Am I just not doing the reassembly correctly or is there a good description of how reassembly works that i've missed somewhere?

 

Any help would be appreciated!

Thanks,

-Dave

 

 

 

 

 

 

 

Sep 1, 2010 at 11:19 AM

Hi Dave,

Thanks for using Netmon and your interest in writing your own parser.

Before I can help, I would like to request some more information:

1. Can you identify INFO message without looking at the content of the Message field? for example, is it sent from client to server, but the other two from server to client?

2. Is the MessageType/SenderID/Length fields being fragmented? Or just the DATA/Checksum field?

BTW, if you still have the chance to change the message format, I recommend to always follow the TLV (Type Length Value) sequence to design the field layout. In this way it would be much easier to process the message, and get better compatibility between versions.

Thanks

Luther

Sep 1, 2010 at 2:19 PM

Thanks for the reply Luther.

 

    To answer your first question, you are correct. the INFO messages only originate from the (remote) client to our server and the ACK/NACK messages are sent from our server to the client. As for the 2nd question, the whole INFO message is fragmented. TCP is ensuring that I am getting the message in the proper order, but it is not reassembling the payload into one properly formatted message. Some of the time, a single frame will only contain 1 byte of data. However, if you go frame to frame all of the data is there. For example:

Frame 1: Data: I

Frame 2: Data: N

Frame 3: Data: 0

Frame 4: Data: 1

(and so on)

At most, I need to buffer 14 bytes of the incoming client data to be able to get at the length field.

 

-Dave

 

 

 

Sep 1, 2010 at 2:22 PM

Oh and in regards to your comment about the field ordering, this is a protocol from a 3rd party, so as much as I also want to change it, I cant ;)

Sep 2, 2010 at 3:44 AM

Luther,

    Just in case I haven't swamped you with enough information yet, I took some more time today to review the NPL documentation and read through the HTTP.npl parser, which helped clear up a number of things in my mind, but I have a few general questions that I'd really appreciate some help with.

 

The reassembly that Network Monitor is able to do via PayloadStart requires that the protocol parser be able to detect the start of a data frame (via IsFirst) and its' total length given only the frame it is looking at. There is no way to go back to previous frames, look forward, or glob frames together, Correct?

Is the only way to look backward in the frame list to set properties when they are encountered and use them in future frames?

Do I have a fundamental mis-understanding of how these parsers are supposed to reassemble frames, or is it just me?

Thanks (yet again),

-Dave

Sep 2, 2010 at 1:55 PM

Hi Dave,

Firstly let me try to answer your questions:

The reassembly that Network Monitor is able to do via PayloadStart requires that the protocol parser be able to detect the start of a data frame (via IsFirst) and its' total length given only the frame it is looking at.
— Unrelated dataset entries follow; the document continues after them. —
Lemma DJ_1 J : DJ J 1.
Proof.
split => [m|_]; first by rewrite /=; case: (m == 0)%N; [exact: RJ_1|exact: RJ_0].
apply: (limsup_root_le1_bounded ler01) => m s /=.
by rewrite rmorph_nat; case: (m == 0)%N; rewrite ?normr0 ?normr1.
Qed.

Lemma DJ_add J f g : DJ J f -> DJ J g -> DJ J (f + g).
Proof.
move=> [hf cf] [hg cg]; split => [m|hJ]; first exact: (RJ_add ha_int ha_nz).
apply/exp_dominated_limsup/exp_dominated_add; apply: limsup_exp_dominated.
  exact: cf.
exact: cg.
Qed.

Lemma DJ_opp J f : DJ J f -> DJ J (- f).
Proof.
move=> [hf cf]; split => [m|hJ]; first exact: RJ_opp.
by apply/exp_dominated_limsup/exp_dominated_opp/limsup_exp_dominated/cf.
Qed.

Lemma DJ_mul J f g : DJ J f -> DJ J g -> DJ J (f * g).
Proof.
move=> [hf cf] [hg cg]; split => [m|hJ].
  by rewrite pscoefM; apply: (RJ_sum ha_int ha_nz) => i _; apply: (RJ_mul ha_nz).
have -> : pscoef (f * g) = fun m => \sum_(i < m.+1) pscoef f i * pscoef g (m - i)%N.
  by apply: functional_extensionality => m; rewrite pscoefM.
apply/exp_dominated_limsup/exp_dominated_mul; apply: limsup_exp_dominated.
  exact: cf.
exact: cg.
Qed.

Lemma QJ_frac J f : DJ J f -> QJ J f%:F.
Proof.
by move=> hf; exists f, 1; split; rewrite ?tofrac1 ?divr1 ?oner_neq0 //; apply: DJ_1.
Qed.

Lemma QJ_0 J : QJ J 0.
Proof. by rewrite -tofrac0; apply/QJ_frac/DJ_0. Qed.

Lemma QJ_1 J : QJ J 1.
Proof. by rewrite -tofrac1; apply/QJ_frac/DJ_1. Qed.

Lemma QJ_add J x y : QJ J x -> QJ J y -> QJ J (x + y).
Proof.
move=> [f [g [hf hg g0 ->]]] [f' [g' [hf' hg' g0' ->]]].
exists (f * g' + f' * g), (g * g'); split; rewrite ?mulf_neq0 //.
- by apply: DJ_add; apply: DJ_mul.
- exact: DJ_mul.
- by rewrite tofracD !tofracM addf_div ?tofrac_eq0.
Qed.

Lemma QJ_opp J x : QJ J x -> QJ J (- x).
Proof.
move=> [f [g [hf hg g0 ->]]]; exists (- f), g; split => //; first exact: DJ_opp.
by rewrite tofracN mulNr.
Qed.

Lemma QJ_mul J x y : QJ J x -> QJ J y -> QJ J (x * y).
Proof.
move=> [f [g [hf hg g0 ->]]] [f' [g' [hf' hg' g0' ->]]].
exists (f * f'), (g * g'); split; rewrite ?mulf_neq0 //; try exact: DJ_mul.
by rewrite !tofracM mulf_div.
Qed.

Lemma QJ_inv J x : QJ J x -> QJ J x^-1.
Proof.
move=> [f [g [hf hg g0 ->]]]; have [->|f0] := eqVneq f 0.
  by rewrite tofrac0 mul0r invr0; apply: QJ_0.
by exists g, f; split => //; rewrite invf_div.
Qed.

Lemma QJ_invmx J n (A : 'M[{fraction pseries K}]_n) :
  (forall i j, QJ J (A i j)) -> forall i j, QJ J (invmx A i j).
Proof.
by apply: subfield_invmx; [exact: QJ_0|exact: QJ_1|exact: QJ_opp|exact: QJ_add
  |exact: QJ_mul|exact: QJ_inv].
Qed.
End PowerSeriesRings.

(* Coefficientwise factorisation.  Over any ring A, let B be a sequence with *)
(* B 0 = 1 (the coefficients of a series congruent to 1 mod t) and split a   *)
(* decomposition c = (split c).1 + (split c).2.  Solving                     *)
(*   G (m+1) + H (m+1) = B (m+1) - sum_(1 <= k <= m) G k H (m+1-k)           *)
(* with (G (m+1), H (m+1)) = split(rhs) yields sequences G, H with G 0 = H 0 *)
(* = 1 whose Cauchy product is B.                                            *)
Section Factorisation.
Variables (A : pzRingType) (split : A -> A * A) (B : nat -> A).

(* factor_state m holds the first m + 1 terms of both sequences. *)
Fixpoint factor_state (m : nat) : (nat -> A) * (nat -> A) :=
  if m is m'.+1 then
    let gh := factor_state m' in
    let c := B m - \sum_(1 <= k < m) gh.1 k * gh.2 (m - k)%N in
    (fun j => if j == m then (split c).1 else gh.1 j,
     fun j => if j == m then (split c).2 else gh.2 j)
  else (fun _ => 1, fun _ => 1).

Definition lfactor (j : nat) : A := (factor_state j).1 j.
Definition rfactor (j : nat) : A := (factor_state j).2 j.

Definition factor_residual (m : nat) : A :=
  B m.+1 - \sum_(1 <= k < m.+1) lfactor k * rfactor (m.+1 - k)%N.

Lemma factor_state_stable j m :
  (j <= m)%N -> (factor_state m).1 j = lfactor j /\ (factor_state m).2 j = rfactor j.
Proof.
elim: m => [|m IH]; first by rewrite leqn0 => /eqP ->.
rewrite leq_eqVlt => /orP[/eqP -> //|hj]; have [h1 h2] := IH hj.
by rewrite /= !ifN ?(ltn_eqF hj).
Qed.

Lemma lfactor0 : lfactor 0 = 1. Proof. by []. Qed.
Lemma rfactor0 : rfactor 0 = 1. Proof. by []. Qed.

Lemma factorS m : lfactor m.+1 = (split (factor_residual m)).1 /\
                  rfactor m.+1 = (split (factor_residual m)).2.
Proof.
have -> : factor_residual m = B m.+1 -
    \sum_(1 <= k < m.+1) (factor_state m).1 k * (factor_state m).2 (m.+1 - k)%N.
  congr (_ - _); rewrite big_nat_cond [RHS]big_nat_cond.
  apply: eq_bigr => k /andP[/andP[k1 km] _].
  have [km' mk] : (k <= m)%N /\ (m.+1 - k <= m)%N by split; lia.
  by have [-> _] := factor_state_stable km'; have [_ ->] := factor_state_stable mk.
by rewrite /lfactor /rfactor /= !eqxx.
Qed.

Hypothesis split_add : forall c, (split c).1 + (split c).2 = c.
Hypothesis B0 : B 0 = 1.

Lemma factor_convolution m : B m = \sum_(k < m.+1) lfactor k * rfactor (m - k)%N.
Proof.
case: m => [|m]; first by rewrite big_ord1 B0 lfactor0 rfactor0 mul1r.
rewrite big_ord_recl big_ord_recr /= subn0 subnn lfactor0 rfactor0 mul1r mulr1.
have bump0 k : bump 0 k = k.+1 by rewrite /bump add1n.
under eq_bigr do rewrite bump0.
rewrite bump0 addrCA addrC [rfactor _ + _]addrC.
have [-> ->] := factorS m; rewrite split_add /factor_residual.
by rewrite big_add1 big_mkord subrK.
Qed.

Variables (S P Q : A -> Prop).
Hypotheses (S0 : S 0) (SD : forall x y, S x -> S y -> S (x + y))
  (SB : forall x y, S x -> S y -> S (x - y)) (SPQ : forall x y, P x -> Q y -> S (x * y))
  (SB_coef : forall m, S (B m)) (P1 : P 1) (Q1 : Q 1)
  (split_PQ : forall c, S c -> P (split c).1 /\ Q (split c).2).

Lemma factor_invariant m : P (lfactor m) /\ Q (rfactor m).
Proof.
elim/ltn_ind: m => -[|m] IH; first by split.
have [-> ->] := factorS m; apply: split_PQ; apply: SB => //.
rewrite big_nat_cond; apply: big_ind => // k /andP[/andP[k1 km] _]; apply: SPQ.
  by case: (IH k km).
by have /IH[] : (m.+1 - k < m.+1)%N by lia.
Qed.
End Factorisation.

Section SeriesMatrices.
Variables (K : fieldType) (n : nat).

Definition coefmx (M : 'M[pseries K]_n) (m : nat) : 'M[K]_n :=
  \matrix_(r, c) pscoef (M r c) m.

Definition seriesmx (F : nat -> 'M[K]_n) : 'M[pseries K]_n :=
  \matrix_(r, c) PSeries (fun m => F m r c).

Lemma coefmxK F m : coefmx (seriesmx F) m = F m.
Proof. by apply/matrixP => r c; rewrite !mxE. Qed.

Lemma coefmx_inj M N : (forall m, coefmx M m = coefmx N m) -> M = N.
Proof.
move=> eMN; apply/matrixP => r c; apply: ps_ext => m.
by have /matrixP/(_ r c) := eMN m; rewrite !mxE.
Qed.

Lemma pscoef_sum (T : Type) (s : seq T) (P : pred T) (F : T -> pseries K) m :
  pscoef (\sum_(j <- s | P j) F j) m = \sum_(j <- s | P j) pscoef (F j) m.
Proof.
elim: s => [|x s IH]; first by rewrite !big_nil.
by rewrite !big_cons; case: (P x); rewrite -IH.
Qed.

Lemma coefmxM M N m :
  coefmx (M *m N) m = \sum_(k < m.+1) coefmx M k *m coefmx N (m - k)%N.
Proof.
apply/matrixP => r c; rewrite summxE !mxE pscoef_sum.
under [RHS]eq_bigr do rewrite mxE.
rewrite exchange_big; apply: eq_bigr => l _.
by rewrite pscoefM; apply: eq_bigr => k _; rewrite !mxE.
Qed.

Definition ev0 (f : pseries K) : K := pscoef f 0.
Lemma ev0_zmod : zmod_morphism ev0. Proof. by []. Qed.
HB.instance Definition _ := GRing.isZmodMorphism.Build (pseries K) K ev0 ev0_zmod.
Lemma ev0_monoid : monoid_morphism ev0.
Proof. by split => // f g; rewrite /ev0 pscoefM big_ord1. Qed.
HB.instance Definition _ := GRing.isMonoidMorphism.Build (pseries K) K ev0 ev0_monoid.

(* A matrix with constant term 1 has determinant with constant term 1, so it *)
(* is invertible over the fraction field.                                    *)
Lemma unitmx_const1 M : coefmx M 0 = 1%:M -> map_mx (fun x => x%:F) M \in unitmx.
Proof.
move=> hM; rewrite unitmxE det_map_mx unitfE tofrac_eq0; apply/eqP => det0.
have := det_map_mx ev0 M; rewrite det0 rmorph0.
have -> : map_mx ev0 M = 1%:M by rewrite -hM; apply/matrixP => r c; rewrite !mxE.
by rewrite det1 => /eqP; rewrite oner_eq0.
Qed.

Lemma coefmx0_tabs M : tabs_mx_lt1 (M - 1%:M) -> coefmx M 0 = 1%:M.
Proof.
move=> hM; apply/matrixP => r c; have := hM r c; rewrite /tabs_lt1 !mxE.
by move/eqP; rewrite [pscoef _ _]/= subr_eq0 => /eqP ->; case: (r == c).
Qed.
End SeriesMatrices.

Lemma GL_of_DJ (K : fieldExtType rat) (I : finType) (one : I) (a : I -> K)
    (ha_int : forall i : I, in_ring_of_integers (a i)) (ha_nz : forall i : I, a i != 0)
    (J : {set I}) n (M : 'M[pseries K]_n) :
  (forall r c, in_DJ one a J (M r c)) -> coefmx M 0 = 1%:M ->
  in_GL (in_QJ one a J) (map_mx (fun x => x%:F) M).
Proof.
move=> hM M0; have hQ r c : in_QJ one a J (map_mx (fun x => x%:F) M r c).
  by rewrite mxE; apply: QJ_frac.
by split; [exact: unitmx_const1|exact: hQ|exact: QJ_invmx].
Qed.

Section Factorisation_of_b.
Variables (K : fieldExtType rat) (I : finType) (one : I) (a : I -> K).
Hypothesis ha_int : forall i : I, in_ring_of_integers (a i).
Hypothesis ha_nz : forall i : I, a i != 0.
Hypothesis ha_cop : forall i j : I, i != j ->
  exists r s : K, [/\ in_ring_of_integers r, in_ring_of_integers s &
                      a i * r + a j * s = 1].
Variables (n : nat) (b : 'M[pseries K]_n) (i : I).
Hypothesis hb : forall r c, in_DJ one a [set: I] (b r c).
Hypothesis hb1 : tabs_mx_lt1 (b - 1%:M).
Local Notation RI := (@in_ring_of_integers K).
Local Notation RJ := (in_RJ a).

Let cocompact := integers_cocompact K.
Definition C : algC := proj1_sig (constructive_indefinite_description _ cocompact).
Lemma C_spec : 0 <= C /\ forall y : K, exists w, RI w /\ knorm_le (y - w) C.
Proof. exact: proj2_sig (constructive_indefinite_description _ cocompact). Qed.

(* The factor required to converge is the one that must lie in D_1: g when *)
(* i <> 1, h when i = 1.                                                    *)
Definition left_bounded : bool := i != one.

Definition good_split (c : K) (uv : K * K) : Prop := c = uv.1 + uv.2 /\ (RJ setT c ->
  [/\ RJ [set i] uv.1, RJ [set~ i] uv.2 &
      if left_bounded then knorm_le uv.1 C else knorm_le uv.2 C]).

Lemma good_split_exists c : exists uv, good_split c uv.
Proof.
case: (classic (RJ setT c)) => hc; last by exists (c, 0); split; [rewrite /= addr0|move/hc].
have [u [v [-> hu hv hb']]] :=
  partial_fraction_split ha_int ha_nz ha_cop (proj2 C_spec) i left_bounded hc.
by exists (u, v).
Qed.

Definition esplit (c : K) : K * K :=
  proj1_sig (constructive_indefinite_description _ (good_split_exists c)).
Lemma esplitP c : good_split c (esplit c).
Proof. exact: proj2_sig (constructive_indefinite_description _ (good_split_exists c)). Qed.

Definition msplit (c : 'M[K]_n) : 'M[K]_n * 'M[K]_n :=
  (map_mx (fun x => (esplit x).1) c, map_mx (fun x => (esplit x).2) c).

Definition G : nat -> 'M[K]_n := lfactor msplit (coefmx b).
Definition H : nat -> 'M[K]_n := rfactor msplit (coefmx b).

Lemma b_factor : b = seriesmx G *m seriesmx H.
Proof.
apply: coefmx_inj => m; rewrite coefmxM.
under eq_bigr do rewrite !coefmxK mulmxE.
apply: factor_convolution; last exact: coefmx0_tabs.
by move=> c; apply/matrixP => r s; rewrite !mxE -(proj1 (esplitP _)).
Qed.

Definition bounded_by_1C (M : 'M[K]_n) := forall r c, knorm_le (M r c) (1 + C).
Lemma linPt_pi a b m : (linPt a b *m piMx) 0 m = (a + b * theta m) / omega theta m.
Proof.
rewrite piMxE /piS /Peval; congr (_ / _).
by rewrite !big_ord_recl big_ord0 !mxE /= expr0 expr1 mulr1 !mul0r !addr0.
Qed.

Lemma inGLS_ratio_S {A B : 'M[K]_6} {x : 'rV[K]_6} : inGLS theta A -> inGLS theta B ->
  onS theta x -> onS theta (x *m (B *m invmx A)).
Proof.
move=> [hAu hA] [_ hB] /hB hx; apply/hA.
by rewrite mulmxA mulmxKV.
Qed.

Section Automorphism.
Variable H : 'M[K]_6.
Hypotheses (H_unit : H \in unitmx) (H_S : forall w, onSpi w -> onSpi (w *m H)).
Hypothesis char_neq2 : (2%:R : K) != 0.

(* Distinct rows of H are orthogonal for Q_0, Q_1, Q_2: polarize the images of
   the four points of S with pi = (+-1/omega_a, +-1/omega_b, 1/omega_j, ...). *)
Lemma H_rows_orth k a b : (k < 3)%N -> a != b ->
  dform (wS k) (row a H) (row b H) = 0.
Proof.
move=> hk hab; pose om j := (omega theta j)^-1.
have om0 j : om j != 0 by rewrite invr_eq0 omega_neq0.
pose x : 'rV[K]_6 := om a *: delta_mx 0 a.
pose y : 'rV[K]_6 := om b *: delta_mx 0 b.
pose z : 'rV[K]_6 := \row_j (if (j == a) || (j == b) then 0 else om j).
suff : dform (wS k) (x *m H) (y *m H) = 0.
  rewrite -!scalemxAl -!rowE dformZl dformZr => /eqP.
  by rewrite !mulf_eq0 !(negbTE (om0 _)) => /eqP.
apply: (dform_orth_signs _ _ (z *m H) char_neq2) => s t /=.
rewrite !scalemxAl -!mulmxDl.
set u := z + _ + _.
have uE j : u 0 j ^+ 2 = om j ^+ 2.
  have hba : b != a by rewrite eq_sym.
  rewrite !mxE; case: (eqVneq j a) => [->|hja]; last case: (eqVneq j b) => [->|hjb];
    by rewrite /= ?(negbTE hab) ?(negbTE hba) ?mulr0 ?mulr1 ?add0r ?addr0
               ?exprMn ?sqrr_sign ?mul1r.
have [_ /(_ (Ordinal hk)) //] : onSpi (u *m H).
apply: H_S; split => [|k']; last exact: signed_point_isotropic.
apply: contraTneq (om0 a) => u0.
by rewrite negbK -sqrf_eq0 -uE u0 mxE expr2 mulr0.
Qed.

(* Rows of H are not Q_0-isotropic, Q_0 being nondegenerate. *)
Lemma H_row_anisotropic b : dform (wS 0) (row b H) (row b H) != 0.
Proof.
apply: contraTneq isT => hb.
have rb0 : row b H = 0.
  apply: (dform_nondeg H _ wS0_neq0 H_unit) => d.
  by case: (eqVneq d b) => [->//|hdb]; exact: H_rows_orth.
move/eqP: rb0; rewrite rowE mulmx_free_eq0 ?row_free_unit // => /eqP/rowP/(_ b).
by rewrite !mxE !eqxx => /eqP; rewrite oner_eq0.
Qed.

(* Each row ra of H has a single nonzero entry: diag(theta) ra is Q_0-orthogonal
   to the other rows (as ra is Q_1-orthogonal to them), so it is proportional
   to ra, and the theta_i are distinct. *)
Lemma H_row_support a j j' : H a j != 0 -> H a j' != 0 -> j = j'.
Proof.
move=> hj hj'; set ra := row a H.
pose lam := dform (wS 1) ra ra / dform (wS 0) ra ra.
have eigen : \row_i (theta i * ra 0 i) = lam *: ra.
  apply/eqP; rewrite -subr_eq0; apply/eqP.
  apply: (dform_nondeg H _ wS0_neq0 H_unit) => d.
  rewrite dformDr dformNr dformZr dform_wS_shift.
  case: (eqVneq d a) => [->|hda]; first by rewrite divfK ?H_row_anisotropic // subrr.
  by rewrite !H_rows_orth // mulr0 subrr.
have theta_lam i : H a i != 0 -> theta i = lam.
  move=> hi; have := congr1 (fun w : 'rV_6 => w 0 i) eigen; rewrite !mxE.
  exact: mulIf.
by apply: theta_inj; rewrite !theta_lam.
Qed.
There is no way to go back to previous frames, look forward, or glob frames together, Correct?

[Luther] In PayloadStart invocation, you can use either fields inside the same frame, or values stored previously. To pass values between frames, you can use Conversation or Global variables. But you cannot "look forward".

Is the only way to look backward in the frame list to set properties when they are encountered and use them in future frames?

[Luther] In general you cannot directly access other frames, but like I replied in last question, you can store some value and use it in later frames.

 

Unfortunately Netmon reassembly engine/syntax is designed to reassemble the frames with payload fragmented. There is no easy way to "store the fragments in buffer". If it's possible, can you share your capture data with me so I can personally take a took and see what I can do. You may erase sensitive data by editing the capture, make sure to uncheck "hex readonly" option in edit menu before editing. You may open a bug in the issue tracker and upload the file.

In the mean time, you may also take a look at other options, including Netmon API (Use C#/C to read parsed data and continue to process as you want) and Netmon Experts http://nmexperts.codeplex.com/ (Custom plugin to interact with netmon UI) to get more control and flexibility.